© JUNGE FREIHEIT Verlag GmbH & Co.  www.jungefreiheit.de  42/13 / 11. Oktober 2013

Politische Illusionen über ein Abflauen der Euro-Krise
Krisengewinnler
Dirk Meyer

Die moderaten Renditen griechischer Staatsanleihen sind kein Indiz für eine strukturelle Lösung der Euro-Krise. Denn weitere Hilfen für Griechenland sind angesichts der mangelnden Schuldentragfähigkeit unumgänglich. Nachdem Fachleute dies bereits bei Beschluß des zweiten Hilfspakets als unvermeidlich vorhersagten, erkennt dies inzwischen auch die handelnde Politik.

Eine nachhaltige Lösung wäre ein weiterer Schuldenschnitt, kombiniert mit der Wiedereinführung der Drachme. Da 90 Prozent der griechischen Staatsschulden bei den Rettungsschirmen EFSF/ESM sowie der Europäischen Zentralbank (EZB) liegen, wären die Verluste budgetwirksam. Zudem würde die monetäre Staatsfinanzierung der EZB offenbar. Somit scheidet dieser Weg aus. Die Finanzmärkte wissen das – Renditen lügen nicht. Ein drittes Milliarden-Paket ist ebenfalls unwahrscheinlich. Den Parlamentariern fiele die Rechtfertigung gegenüber der Öffentlichkeit zunehmend schwerer. Alternativ wird deshalb über eine Zinssenkung und die Laufzeitverlängerung der Kredite gesprochen. Dies käme einem indirekten Schuldenschnitt zu Lasten öffentlicher Gläubiger gleich.
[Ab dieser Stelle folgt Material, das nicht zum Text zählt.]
(* Let $M\subset\mathbb{R}^{m+1}$ be an entire graphical translating soliton, i.e. the graph of a smooth function $u:\mathbb{R}^m\to\mathbb{R}$ which is a translating soliton with velocity $\operatorname{e}_{m+1}$. Suppose there are constants $C>0$, $r>0$ and $\alpha$ such that $|u(x)|\le C|x|^\alpha$ for all $x\in\mathbb{R}^m$ with $|x|\ge r$. Then $\alpha\ge2$.
   Context: A translating soliton is an oriented hypersurface whose scalar mean curvature satisfies $H=-\langle\operatorname{e}_{m+1},\xi\rangle$ ($\xi$ the unit normal), equivalently its mean curvature vector equals the normal projection of $\operatorname{e}_{m+1}$. *)

From Stdlib Require Import Reals.
From mathcomp Require Import all_boot.
Set Implicit Arguments. Unset Strict Implicit.

Open Scope R_scope.

Definition rsum (m : nat) (f : 'I_m -> R) : R :=
  foldr (fun i acc => f i + acc) 0 (enum 'I_m).

Definition vec (m : nat) := 'I_m -> R.

Definition vnorm {m : nat} (x : vec m) : R :=
  sqrt (rsum (fun i : 'I_m => x i * x i)).

Definition shift {m : nat} (x : vec m) (i : 'I_m) (t : R) : vec m :=
  fun j => if j == i then x j + t else x j.

Definition has_partial {m : nat} (f : vec m -> R) (i : 'I_m) (x : vec m) (l : R) : Prop :=
  derivable_pt_lim (fun t => f (shift x i t)) 0 l.

Definition vcont {m : nat} (f : vec m -> R) : Prop :=
  forall x eps, 0 < eps -> exists d, 0 < d /\
    forall y : vec m, vnorm (fun j => y j - x j) < d -> Rabs (f y - f x) < eps.

Fixpoint Ck {m : nat} (k : nat) (f : vec m -> R) : Prop :=
  match k with
  | O => vcont f
  | S k' => vcont f /\ forall i : 'I_m, exists g : vec m -> R,
              (forall x, has_partial f i x (g x)) /\ Ck k' g
  end.

Definition smooth {m : nat} (f : vec m -> R) : Prop := forall k, Ck k f.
Besonders attraktiv, da volumenmäßig unbegrenzt und jeglicher parlamentarischer Kontrolle entzogen, erscheinen die vermeintlich kostenlosen Maßnahmen der EZB. Für das von Mario Draghi mit der Parole „whatever it takes“ angekündigte OMT-Ankaufprogramm von Staatsanleihen müssen Staaten formal drei Bedingungen erfüllen: volles EFSF/ESM-Programm, Zugang zum Anleihemarkt, Störung des geldpolitischen Übertragungsmechanismus. Die ersten beiden Punkte schließen sich jedoch grundsätzlich aus. Als Einfallstor bieten sich vorsorgende Kreditlinien des ESM bei weichen Auflagen, die zugleich einen Zugang zum Kapitalmarkt ermöglichen. Wie die seit der Draghi-Ankündigung gesunkenen Risikoprämien der Krisenländer zeigen, setzen Investoren auf diese indirekte monetäre Staatsfinanzierung zur Umgehung des Bankrotts.

Jüngst hat Draghi eine Neuauflage der „Dicken Bertha“, einen EZB-Kredit über drei Jahre, ins Gespräch gebracht. Es ist das Perpetuum mobile zum staatlichen Gelddrucken schlechthin. Griechenland begibt neue Staatsschuldpapiere, die vornehmlich heimische Banken kaufen. Über den EZB-Kredit, der mit diesen Schrottanleihen als Pfand besichert wird, kommt neues Geld in den Kreislauf.

Die Banken profitieren, denn die griechische Zehn-Prozent-Anleihe wird mit 0,5-Prozent-EZB-Geld finanziert. Doch dieses monetäre Perpetuum mobile widerspricht ökonomischer Vernunft: Ein hinausgezögerter Staatsbankrott verbunden mit Geldentwertung ist die langfristige Folge. Doch das interessiert die kurzfristig orientierten Krisenprofiteure allerorten nicht.

 

Prof. Dr. Dirk Meyer lehrt Ökonomie an der Helmut-Schmidt-Universität Hamburg.